>>>>>

(* Let $F$ be a finite field with $q=|F|$ and let $u,v\in\mathbb{N}$. For each $y=(y_1,\ldots,y_{u+v-1})\in F^{u+v-1}$ define the $v\times v$ matrix $J_{u,v}(y)=(y_{u-i+j})_{1\le i\le v,\,1\le j\le v}$, where $y_0:=1$ and $y_k:=0$ for all $k<0$. Then the number of $y\in F^{u+v-1}$ satisfying $\det(J_{u,v}(y))=0$ is $q^{u+v-2}$.
   Context: $\mathbb{N}=\{0,1,2,\ldots\}$. *)

From HB Require Import structures.
From mathcomp Require Import all_boot all_order all_algebra all_field.
Set Implicit Arguments. Unset Strict Implicit. Unset Printing Implicit Defensive.
Import Order.TTheory GRing.Theory Num.Theory.
Local Open Scope ring_scope.

(* y_k for y = (y_1,...,y_n) in F^n (stored 0-indexed as a row vector),
   extended by y_0 := 1 and y_k := 0 for k < 0 (and, harmlessly, 0 for k > n,
   which never occurs in J below). *)
Definition yext (F : fieldType) (n : nat) (y : 'rV[F]_n) (k : int) : F :=
  match k with
  | Posz 0 => 1
  | Posz m.+1 => if insub m is Some i then y ord0 i else 0
  | Negz _ => 0
  end.

(* J_{u,v}(y) = (y_{u-i+j})_{1<=i,j<=v}; with 0-indexed ordinals i,j the
   index u-(i+1)+(j+1) equals u-i+j. *)
Definition Jmat (F : fieldType) (u v : nat) (y : 'rV[F]_(u + v - 1)) : 'M[F]_v :=
  \matrix_(i < v, j < v) yext y (u%:Z - (i : nat)%:Z + (j : nat)%:Z).

From HB Require Import structures.
From mathcomp Require Import all_boot all_order all_algebra all_field.
From mathcomp Require Import zify.
Import Order.TTheory GRing.Theory Num.Theory.
Local Open Scope ring_scope.
Set Implicit Arguments. Unset Strict Implicit. Unset Printing Implicit Defensive.
(* Let $A,B,A',B'$ be qubit systems, with Alice holding $AA'$ and Bob holding $BB'$. Define the Bell states $|\psi_{0,1}\rangle=\frac{1}{\sqrt2}(|00\rangle\pm|11\rangle)$, $|\psi_{2,3}\rangle=\frac{1}{\sqrt2}(|01\rangle\pm|10\rangle)$, and write $\psi_i=|\psi_i\rangle\langle\psi_i|$. Define $|\chi_\pm\rangle=\frac12\big(\sqrt{2\pm\sqrt2}\,|00\rangle\pm\sqrt{2\mp\sqrt2}\,|11\rangle\big)$ and $\chi_\pm=|\chi_\pm\rangle\langle\chi_\pm|$. Let $p\in[0,1]$, $\kappa\in[0,1]$, $q_0=q_1=p/2$, $q_2=q_3=(1-p)/2$, and $\rho^{(0)}=\frac12(|00\rangle\langle00|+\psi_2)$, $\rho^{(1)}=\frac12(|11\rangle\langle11|+\psi_3)$, $\rho^{(2)}=\chi_+$, $\rho^{(3)}=\chi_-$ (states on $A'B'$). Let $$\rho_H=(1-\kappa)\sum_{i=0}^3 q_i\,\psi_{i,AB}\otimes\rho^{(i)}_{A'B'}+\kappa\,\frac{I}{16}.$$ Then there exists a unitary of the form $U=\sum_{i,j\in\{0,1\}}|ij\rangle\langle ij|_{AB}\otimes U_{ij,A'B'}$ with each $U_{ij}$ unitary on $A'B'$, such that $$\mathrm{Tr}_{A'B'}\big[U\rho_H U^\dagger\big]=(1-\kappa)\big(p\,\psi_0+(1-p)\,\psi_2\big)+\kappa\,\frac{I}{4}.$$
   Context: $\{|0\rangle,|1\rangle\}$ denotes the computational basis of each qubit; $|ij\rangle=|i\rangle_A|j\rangle_B$. $I$ denotes the identity operator on the relevant space ($I/16$ is the maximally mixed state on $ABA'B'$, $I/4$ on $AB$). *)

From HB Require Import structures.
From mathcomp Require Import all_boot all_order all_algebra all_field.
From mathcomp Require Import spectral.
Set Implicit Arguments. Unset Strict Implicit. Unset Printing Implicit Defensive.
Import Order.TTheory GRing.Theory Num.Theory.
Local Open Scope ring_scope.
Local Open Scope sesquilinear_scope.

(* The four-qubit system ABA'B' is
   ordered as (AB) (x) (A'B'), basis index 4*(2a+b) + (2a'+b') : 'I_16. *)

Definition ket2 (i j : nat) : 'cV[algC]_4 := delta_mx (inord (2*i + j)) 0.

Definition proj (v : 'cV[algC]_4) : 'M[algC]_4 := v *m v ^t*.

Definition s2 : algC := sqrtC 2.

Definition psi0 : 'cV[algC]_4 := s2^-1 *: (ket2 0 0 + ket2 1 1).
Definition psi1 : 'cV[algC]_4 := s2^-1 *: (ket2 0 0 - ket2 1 1).
Definition psi2 : 'cV[algC]_4 := s2^-1 *: (ket2 0 1 + ket2 1 0).
Definition psi3 : 'cV[algC]_4 := s2^-1 *: (ket2 0 1 - ket2 1 0).
Lemma max_eq_mean_iff_const {R : numFieldType} {I : finType} (f : I -> R) (m : R) :
  (0 < #|I|)%N -> \sum_i f i = #|I|%:R * m ->
  ((exists i, f i = m) /\ (forall i, f i <= m)) <-> (forall i j, f i = f j).
Proof.
move=> I_gt0 sum_f; split=> [[_ le_m] i j|f_const].
  suff eq_m k : f k = m by rewrite !eq_m.
  have /eqP : \sum_i (m - f i) = 0 by rewrite sumrB sum_f sumr_const mulr_natl subrr.
  rewrite psumr_eq0 => [/allP/(_ k (mem_index_enum _))|l _]; last by rewrite subr_ge0.
  by rewrite subr_eq0 => /eqP.
have [i0 _] := card_gt0P I_gt0.
have eq_m : f i0 = m.
  apply: (mulfI (_ : #|I|%:R != 0 :> R)); first by rewrite pnatr_eq0 -lt0n.
  rewrite -sum_f (eq_bigr (fun=> f i0)) => [|i _]; last exact: f_const.
  by rewrite sumr_const mulr_natl.
by split=> [|i]; [exists i0 | rewrite (f_const i i0) eq_m].
Qed.

Section MainTheorem.
Context {C : numClosedFieldType} {d dB : nat}.
Local Open Scope sesquilinear_scope.
Hypothesis d_ge2 : (2 <= d)%N.
Context {psi : 'cV[C]_(d * dB)} {p : 'I_d -> C}.
Hypothesis rhoA_char : char_poly (rhoA psi) = \prod_i ('X - (p i)%:P).

Let P := spectralmx (rhoA psi).
Let D := spectral_diag (rhoA psi).
Let uP : P \is unitarymx. Proof. exact: spectral_unitarymx. Qed.
Let rhoE : rhoA psi = P ^t* *m diag_mx D *m P.
Proof. exact/normalmx_spectral/hermitian_normalmx/rhoA_hermitian. Qed.
Let D_real i : D 0 i \is Num.real.
Proof. exact/mxOverP/hermitian_spectral_diag_real/rhoA_hermitian. Qed.

Let p_perm_D : exists tau : 'S_d, forall i, p i = D 0 (tau i).
Proof.
apply: prod_XsubC_perm; rewrite -rhoA_char -char_poly_diag rhoE char_poly_conj //.
by apply: mulmx1C; apply/unitarymxP.
Qed.

Lemma rhoA_eigenvalues_real i : p i \is Num.real.
Proof. by have [tau ->] := p_perm_D. Qed.

Lemma stellar_mirror_entP (e : C) : stellar_mirror_ent psi e <->
  (exists s, stellar_overlap p s ^+ 2 = 1 - e) /\
  (forall s, stellar_overlap p s ^+ 2 <= 1 - e).
Proof.
have [tau pE] := p_perm_D.
have attained := stellar_overlap_attained d_ge2 uP rhoE pE.
have bound := stellar_overlap_bound uP rhoE D_real pE.
have le_overlap W m : stellar_unitary W -> (forall s, stellar_overlap p s ^+ 2 <= m) ->
    `|mirror_overlap psi W| ^+ 2 <= m.
  move=> /bound[s le_s] le_m; apply: le_trans (le_m s).
  by rewrite lerXn2r ?nnegrE ?normr_ge0.
split=> [[[W [sW eW]] le_W]|[[s es] le_s]].
  have le_s s : stellar_overlap p s ^+ 2 <= 1 - e.
    by have [W' [sW' <-]] := attained s; exact: le_W.
  have [s le_Ws] := bound W sW; split=> //; exists s.
  apply/eqP; rewrite eq_le le_s -eW lerXn2r ?nnegrE ?normr_ge0 //.
split=> [|W /le_overlap]; last exact.
by have [W [sW eW]] := attained s; exists W; rewrite eW.
Qed.

Lemma sum_stellar_overlap_sq : unit_vec psi ->
  \sum_(s : 'S_d) stellar_overlap p s ^+ 2 = #|{perm 'I_d}|%:R * (1 - linear_entropy p).
Proof.
move=> psi_unit; have [tau pE] := p_perm_D.
apply: sum_perm_sqnorm => //; [exact: norm_stellar_lambda | exact: sum_stellar_lambda
  | exact: rhoA_eigenvalues_real | ].
rewrite -(unit_vec_trace psi_unit) rhoE mxtrace_mulC mulmxA (unitarymxP uP).
rewrite mul1mx mxtrace_diag [RHS](reindex_inj (@perm_inj _ tau)).
by apply: eq_bigr => i _; rewrite pE.
Qed.

Lemma stellar_mirror_ent_linear_entropy : unit_vec psi ->
  stellar_mirror_ent psi (linear_entropy p) <->
  (forall s t : 'S_d, stellar_overlap p s = stellar_overlap p t).
Proof.
move=> psi_unit; rewrite stellar_mirror_entP.
rewrite (max_eq_mean_iff_const _ _ _ (sum_stellar_overlap_sq psi_unit)); last first.
  by apply/card_gt0P; exists 1%g.
split=> eq_st s t; last by rewrite (eq_st s t).
by apply/eqP; rewrite -(eqrXn2 (_ : 0 < 2)%N) ?normr_ge0 // (eq_st s t).
Qed.

(* Theorem (second part): for d <= 3 the pairwise angles of the stellar
   spectrum are equal, so |sum_i lambda_i p_(s i)|^2 is a symmetric function
   of p and all permuted pairings coincide. *)
Lemma stellar_overlap_const_small : (d <= 3)%N ->
  forall s t : 'S_d, stellar_overlap p s = stellar_overlap p t.
Proof.
move=> d_le3; have [c Re_c] := stellar_equiangular (C := C) d_ge2 d_le3.
have sq s : stellar_overlap p s ^+ 2 =
    c * (\sum_i p i) ^+ 2 + (1 - c) * \sum_i p i ^+ 2.
  rewrite /stellar_overlap (sqnorm_sum_equiangular _ _ _ (norm_stellar_lambda d_ge2) Re_c).
    by congr (c * _ ^+ 2 + (1 - c) * _); rewrite [RHS](reindex_inj (@perm_inj _ s)).
  by move=> i; exact: rhoA_eigenvalues_real.
by move=> s t; apply/eqP; rewrite -(eqrXn2 (_ : 0 < 2)%N) ?normr_ge0 // !sq.
Qed.

End MainTheorem.

Theorem mainTheorem7 (C : numClosedFieldType) (dA dB : nat)
    (hdA : (2 <= dA)%N) (hAB : (dA <= dB)%N) :
  (forall (psi : 'cV[C]_(dA * dB)) (p : 'I_dA -> C),
     unit_vec psi ->
     char_poly (rhoA psi) = \prod_(i < dA) ('X - (p i)%:P) ->
     (stellar_mirror_ent psi (linear_entropy p) <->
      (forall s t : 'S_dA,
         `|\sum_(i < dA) stellar_lambda i * p (s i)|
         = `|\sum_(i < dA) stellar_lambda i * p (t i)|)))
  /\
  ((dA <= 3)%N ->
   forall (psi : 'cV[C]_(dA * dB)) (p : 'I_dA -> C),
     unit_vec psi ->
     char_poly (rhoA psi) = \prod_(i < dA) ('X - (p i)%:P) ->
     stellar_mirror_ent psi (linear_entropy p)).
Proof.
split=> [psi p psi_unit rhoA_char | dA_le3 psi p psi_unit rhoA_char].
  exact: (stellar_mirror_ent_linear_entropy hdA rhoA_char psi_unit).
apply/(stellar_mirror_ent_linear_entropy hdA rhoA_char psi_unit).2.
exact: (stellar_overlap_const_small hdA rhoA_char dA_le3).
Qed.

<<<<<

--- What to work on ---
Extract exactly and only the lines above from the line containing "c * (\sum_i" through the line containing "End MainTheorem.", both end lines included.

--- Worked solution ---
    c * (\sum_i p i) ^+ 2 + (1 - c) * \sum_i p i ^+ 2.
  rewrite /stellar_overlap (sqnorm_sum_equiangular _ _ _ (norm_stellar_lambda d_ge2) Re_c).
    by congr (c * _ ^+ 2 + (1 - c) * _); rewrite [RHS](reindex_inj (@perm_inj _ s)).
  by move=> i; exact: rhoA_eigenvalues_real.
by move=> s t; apply/eqP; rewrite -(eqrXn2 (_ : 0 < 2)%N) ?normr_ge0 // !sq.
Qed.

End MainTheorem.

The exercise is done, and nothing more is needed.